Improved mathematical model of dark fermentation for enhanced biofuels production with zinc supplementation

Abstract

Various are the detrimental impacts on the environment as well as on human beings when burning fossil fuel for energy purposes. This has led to great interests in alternative energy sources as prime solution. Lignocellulosic biomass is considered to be the major biological renewable energy source for biofuels production. Lignocelluloses are plentiful, naturally found and require simple processing. To this end, microbial fermentation systems have seen potential gains for the generation of biofuels. Biomass contains different mixed sugars and it can serve as promising substrate in fermentation processes like AcetoneButanol-Ethanol (ABE) dark fermentation. Moreover, the addition of zinc in ABE fermentation plays a substantial role in genetic modifications and the regulation of specific enzymes of the metabolic pathway which leads to enhanced production of biofuels. In order to predict the behavior of each carbohydrate and thus find the optimum conditions in ABE fermentation, a predictive mathematical model of ABE dark fermentation was developed in this study.

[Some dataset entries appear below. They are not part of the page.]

Lemma adj_tens_ket_mulmx m d n p (k : 'I_d) (G : 'M[C]_(m, n))
    (H : 'M[C]_(m, p)) :
  mxadj (tens_ket k G) *m tens_ket k H = mxadj G *m H.
Proof.
apply/matrixP=> c c'; rewrite !mxE sum_mxtens_index; apply: eq_bigr => x _.
rewrite (bigD1 k) //= big1 ?addr0.
  by rewrite !mxE !mxtens_indexK /= eqxx rmorph1 !mul1r.
move=> y /negbTE y_neq_k.
by rewrite !mxE !mxtens_indexK /= y_neq_k !mul0r mulr0.
Qed.

Lemma psd_tens_delta n d (A : 'M[C]_n) (k : 'I_d) :
  psdmx A -> psdmx (A *t (delta_mx k k : 'M[C]_d)).
Proof.
move=> psdA; have -> : A *t (delta_mx k k : 'M[C]_d) =
    tens_ket k 1%:M *m A *m mxadj (tens_ket k (1%:M : 'M[C]_n)).
  by rewrite tens_ket_mulmx mul1mx tens_ket_mulmx_adj mxadj1 mulmx1.
exact: psd_conj.
Qed.

End Tensor.

Section ClassicalRegister.
Variables (C : numClosedFieldType) (T : finType).

Definition ketbra (t : T) : 'M[C]_#|T| := delta_mx (enum_rank t) (enum_rank t).

Lemma sum_ketbra : \sum_t ketbra t = 1%:M.
Proof.
rewrite mx1_sum_delta (reindex (@enum_rank T)) //=.
by exists (@enum_val _ _) => t _; [exact: enum_rankK | exact: enum_valK].
Qed.

Lemma mxtrace_ketbra_mul t t' : \tr (ketbra t *m ketbra t') = (t == t')%:R.
Proof.
rewrite mul_delta_mx_cond (inj_eq enum_rank_inj).
case: eqP => [<-|_]; last first.
  by rewrite mulr0n mxtrace0.
rewrite mulr1n /mxtrace (bigD1 (enum_rank t)) //= big1 ?addr0.
  by rewrite mxE !eqxx.
by move=> i /negbTE i_neq; rewrite mxE i_neq.
Qed.

Lemma mxtrace_tens_ketbra_mul n (D Y : T -> 'M[C]_n) (w : T -> C) :
  \tr ((\sum_t D t *t ketbra t) *m (\sum_t w t *: (Y t *t ketbra t))) =
  \sum_t w t * \tr (D t *m Y t).
Proof.
rewrite mulmx_suml raddf_sum /=; apply: eq_bigr => t _.
rewrite mulmx_sumr raddf_sum /= (bigD1 t) //= big1 ?addr0 => [|t' t'_neq].
  rewrite -scalemxAr mxtraceZ tensmx_mul mxtrace_tens.
  by rewrite mxtrace_ketbra_mul eqxx mulr1.
rewrite -scalemxAr mxtraceZ tensmx_mul mxtrace_tens mxtrace_ketbra_mul.
by rewrite eq_sym (negbTE t'_neq) !mulr0.
Qed.

End ClassicalRegister.

Lemma sumr_neq0_exists (V : zmodType) (I : finType) (F : I -> V) :
  \sum_i F i != 0 -> exists i, F i != 0.
Proof.
move=> sum_neq0; apply/existsP; apply: contraNT sum_neq0 => /existsPn F0.
by apply/eqP/big1 => i _; exact/eqP/negbNE/F0.
Qed.

Section Qpke.
Variables (C : numClosedFieldType) (S : qpke C).
Hypothesis wfS : wf_qpke S.

Definition key_prob sk pk : C := skgen S sk * \tr (pkgen S sk pk).

Lemma skgen_ge0 sk : 0 <= skgen S sk.
Proof. by case: wfS => -[]. Qed.

Lemma psd_pkgen sk pk : psdmx (pkgen S sk pk).
Proof. by case: wfS => _ /(_ sk) [psd_sk _]. Qed.

Lemma sum_tr_pkgen sk : \sum_pk \tr (pkgen S sk pk) = 1.
Proof. by case: wfS => _ /(_ sk) []. Qed.

Lemma enc_channel pk m : is_channel (enc S pk m).
Proof. by case: wfS. Qed.

Lemma dec_povm2 sk : povm2 (dec S sk).
Proof. by case: wfS. Qed.

Lemma sum_skgen : \sum_sk skgen S sk = 1.
Proof. by case: wfS => -[]. Qed.

Lemma sum_key_prob_pk sk : \sum_pk key_prob sk pk = skgen S sk.
Proof. by rewrite -mulr_sumr sum_tr_pkgen mulr1. Qed.

Lemma sum_key_prob : \sum_sk \sum_pk key_prob sk pk = 1.
Proof.
by under eq_bigr => sk _ do rewrite sum_key_prob_pk; exact: sum_skgen.
Qed.

Lemma exists_key_prob_neq0 : exists sk pk, key_prob sk pk != 0.
Proof.
have : \sum_sk \sum_pk key_prob sk pk != 0 by rewrite sum_key_prob oner_eq0.
by move=> /sumr_neq0_exists [sk /sumr_neq0_exists [pk]]; exists sk, pk.
Qed.

Lemma exp_out_density dA (A : adversary S dA) m :
  is_adversary A -> density (exp_out A m).
Proof.
move=> advA; split.
  apply: psd_sum => sk _; apply: psdZ; first exact: skgen_ge0.
  by apply: psd_sum => pk _; apply/psd_channel/psd_channel/psd_pkgen.
rewrite raddf_sum /= -sum_skgen; apply: eq_bigr => sk _.
rewrite mxtraceZ raddf_sum /= -[RHS]mulr1 -(sum_tr_pkgen sk); congr (_ * _).
apply: eq_bigr => pk _.
by rewrite (mxtrace_channel _ (tens_id_channel _ (enc_channel pk m)))
  (mxtrace_channel _ (advA pk)).
Qed.

Definition dec_fail sk pk m : C :=
  \tr (dec S sk (~~ m) *m apply_channel (enc S pk m) (pkgen S sk pk)).

Lemma dec_fail_ge0 sk pk m : 0 <= dec_fail sk pk m.
Proof.
apply: psd_tr_mul_ge0; first exact: (dec_povm2 sk).1.
exact/psd_channel/psd_pkgen.
Qed.

Lemma dec_successE sk pk m :
  \tr (dec S sk m *m apply_channel (enc S pk m) (pkgen S sk pk)) =
  \tr (pkgen S sk pk) - dec_fail sk pk m.
Proof.
rewrite -(mxtrace_channel _ (enc_channel pk m)) /dec_fail; apply/eqP.
rewrite eq_sym subr_eq -raddfD /= -mulmxDl.
have -> : dec S sk m + dec S sk (~~ m) = 1%:M.
  by rewrite -(dec_povm2 sk).2; case: m; rewrite // addrC.
by rewrite mul1mx.
Qed.

Section Correct.
Hypothesis corrS : correct S.

Lemma sum_skgen_dec_fail m : \sum_sk \sum_pk skgen S sk * dec_fail sk pk m = 0.
Proof.
transitivity (\sum_sk \sum_pk key_prob sk pk - success_prob S m).
  rewrite /success_prob -sumrB; apply: eq_bigr => sk _.
  rewrite mulr_sumr -sumrB; apply: eq_bigr => pk _.
  by rewrite dec_successE /key_prob; ring.
by rewrite sum_key_prob corrS subrr.
Qed.

Lemma dec_perfect sk pk m : key_prob sk pk != 0 ->
  \tr (dec S sk m *m apply_channel (enc S pk m) (pkgen S sk pk)) =
  \tr (pkgen S sk pk).
Proof.
move=> key_prob_neq0; rewrite dec_successE.
have term_ge0 sk' pk' : 0 <= skgen S sk' * dec_fail sk' pk' m.
  by rewrite mulr_ge0 ?skgen_ge0 ?dec_fail_ge0.
have /eqP : skgen S sk * dec_fail sk pk m = 0.
  have row0 : \sum_pk' skgen S sk * dec_fail sk pk' m = 0.
    apply: (psumr_eq0P _ (sum_skgen_dec_fail m)) => // sk' _.
    by apply: sumr_ge0 => pk' _; exact: term_ge0.
  by apply: (psumr_eq0P _ row0) => // pk' _; exact: term_ge0.
rewrite mulf_eq0 => /orP [/eqP skgen0 | /eqP ->]; last by rewrite subr0.
by move: key_prob_neq0; rewrite /key_prob skgen0 mul0r eqxx.
Qed.

Section Attack.
Variables (sk0 : SK S) (pk0 : PK S).
Hypothesis key_prob0 : key_prob sk0 pk0 != 0.

(* The fallback (sk0, pk0) is only used for public keys of probability 0; it
   keeps the forged state a density matrix. *)
Definition key_for pk : SK S * PK S :=
  if [pick sk | key_prob sk pk != 0] is Some sk then (sk, pk) else (sk0, pk0).

Lemma key_for_prob pk : key_prob (key_for pk).1 (key_for pk).2 != 0.
Proof. by rewrite /key_for; case: pickP. Qed.

Lemma key_for_snd sk pk : key_prob sk pk != 0 -> (key_for pk).2 = pk.
Proof.
by move=> prob_sk; rewrite /key_for; case: pickP => // /(_ sk); rewrite prob_sk.
Qed.

Lemma tr_pkgen_neq0 sk pk : key_prob sk pk != 0 -> \tr (pkgen S sk pk) != 0.
Proof. by rewrite mulf_eq0 negb_or => /andP[]. Qed.

Definition forged_state pk : 'M[C]_(dK S) :=
  let: (sk, pk') := key_for pk in (\tr (pkgen S sk pk'))^-1 *: pkgen S sk pk'.

Lemma forged_state_density pk : density (forged_state pk).
Proof.
have := key_for_prob pk; rewrite /forged_state.
case: (key_for pk) => sk pk' /= prob.
split; last by rewrite mxtraceZ mulVf ?tr_pkgen_neq0.
apply: psdZ; last exact: psd_pkgen.
by rewrite invr_ge0; exact/psd_tr_ge0/psd_pkgen.
Qed.

Definition attack : adversary S #|PK S| := fun pk =>
  [seq tens_ket (enum_rank pk) G | G <- replace_kraus (forged_state pk)].

Lemma attack_is_adversary : is_adversary attack.
Proof.
move=> pk; have [psd_st tr_st] := forged_state_density pk.
rewrite /is_channel big_map; under eq_bigr => G _ do rewrite adj_tens_ket_mulmx.
exact: replace_kraus_channel.
Qed.

Lemma apply_attack pk sigma :
  apply_channel (attack pk) sigma =
  (\tr sigma *: forged_state pk) *t ketbra C pk.
Proof.
rewrite /apply_channel big_map.
under eq_bigr => G _ do rewrite tens_ket_mulmx tens_ket_mulmx_adj.
rewrite -tensmx_suml -/(apply_channel _ sigma) apply_replace_kraus //.
by case: (forged_state_density pk).
Qed.

Definition pk_prob pk : C := \sum_sk key_prob sk pk.

Lemma exp_out_attack m : exp_out attack m =
  \sum_pk pk_prob pk *:
    (apply_channel (enc S pk m) (forged_state pk) *t ketbra C pk).
Proof.
rewrite /exp_out; under eq_bigr => sk _ do under eq_bigr => pk _ do
  rewrite apply_attack apply_tens_id apply_channelZ tensmxZl.
under eq_bigr => sk _ do rewrite scaler_sumr.
rewrite exchange_big /=; apply: eq_bigr => pk _.
by rewrite /pk_prob scaler_suml; apply: eq_bigr => sk _; rewrite scalerA.
Qed.

Lemma forged_state_decodes pk m : pk_prob pk != 0 ->
  \tr (dec S (key_for pk).1 m *m
       apply_channel (enc S pk m) (forged_state pk)) = 1.
Proof.
move=> /sumr_neq0_exists [sk prob_sk].
move: (key_for_prob pk) (key_for_snd prob_sk); rewrite /forged_state.
case: (key_for pk) => sk' pk' /= prob' pk'E; rewrite pk'E in prob' *.
rewrite apply_channelZ -scalemxAr mxtraceZ dec_perfect //.
by rewrite mulVf ?tr_pkgen_neq0.
Qed.

Definition attack_povm m : 'M[C]_(dCT S * #|PK S|) :=
  \sum_pk dec S (key_for pk).1 m *t ketbra C pk.

Lemma attack_povm2 : povm2 attack_povm.
Proof.
split=> [b|].
  by apply: psd_sum => pk _; exact/psd_tens_delta/(dec_povm2 _).1.
rewrite -big_split /=.
under eq_bigr => pk _ do rewrite -tensmxDl (dec_povm2 _).2.
by rewrite -tensmx_sumr sum_ketbra tensmx11.
Qed.

Lemma attack_decodes m : \tr (attack_povm m *m exp_out attack m) = 1.
Proof.
rewrite exp_out_attack mxtrace_tens_ketbra_mul -sum_key_prob exchange_big /=.
apply: eq_bigr => pk _; rewrite -/(pk_prob pk).
have [->|pk_prob_neq0] := eqVneq (pk_prob pk) 0; first by rewrite mul0r.
by rewrite forged_state_decodes ?mulr1.
Qed.

End Attack.
End Correct.
End Qpke.

Theorem theoremA1 (C : numClosedFieldType) (S : nat -> qpke C)
  (wfS : forall lambda, wf_qpke (S lambda))
  (corrS : forall lambda, correct (S lambda)) :
  forall lambda, exists (dA : nat) (A : adversary (S lambda) dA),
    is_adversary A /\
    (exists M : bool -> 'M[C]_(dCT (S lambda) * dA),
        povm2 M /\ forall m, \tr (M m *m exp_out A m) = 1) /\
    trdist (exp_out A false) (exp_out A true) = 1.
Proof.
move=> lambda; have [sk0 [pk0 key_prob0]] := exists_key_prob_neq0 (wfS lambda).
have attack_adv := attack_is_adversary (wfS lambda) key_prob0.
have povm := attack_povm2 (wfS lambda) sk0 pk0.
have decodes := attack_decodes (wfS lambda) (corrS lambda) key_prob0.
exists #|PK (S lambda)|, (attack sk0 pk0); split=> //; split.
  by exists (attack_povm sk0 pk0).
have density_out m := exp_out_density (wfS lambda) m attack_adv.
exact: trdist_eq1_of_povm (density_out false) (density_out true) povm
  (decodes false) (decodes true).
Qed.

This model serves to follow the dynamic progression of three different carbohydrates used as sole carbon source namely xylose, arabinose and glucose found in lignocelluloses. The model was simulated under seven scenarios with and without supplementary zinc and then validated with different experimental data. Sensitivity analysis, parameter scan and parameter estimation were performed in order to fit best the experimental data. The simulated results of this model show compliance with the experimental results. Each carbohydrate showed enhanced consumption rates under supplementary zinc and therefore higher level of solvents. However, more studies can be conducted based on this built model in order to predict the optimum conditions for the combination of all three carbohydrates to come up with a comprehensive mathematical lignocellulose model.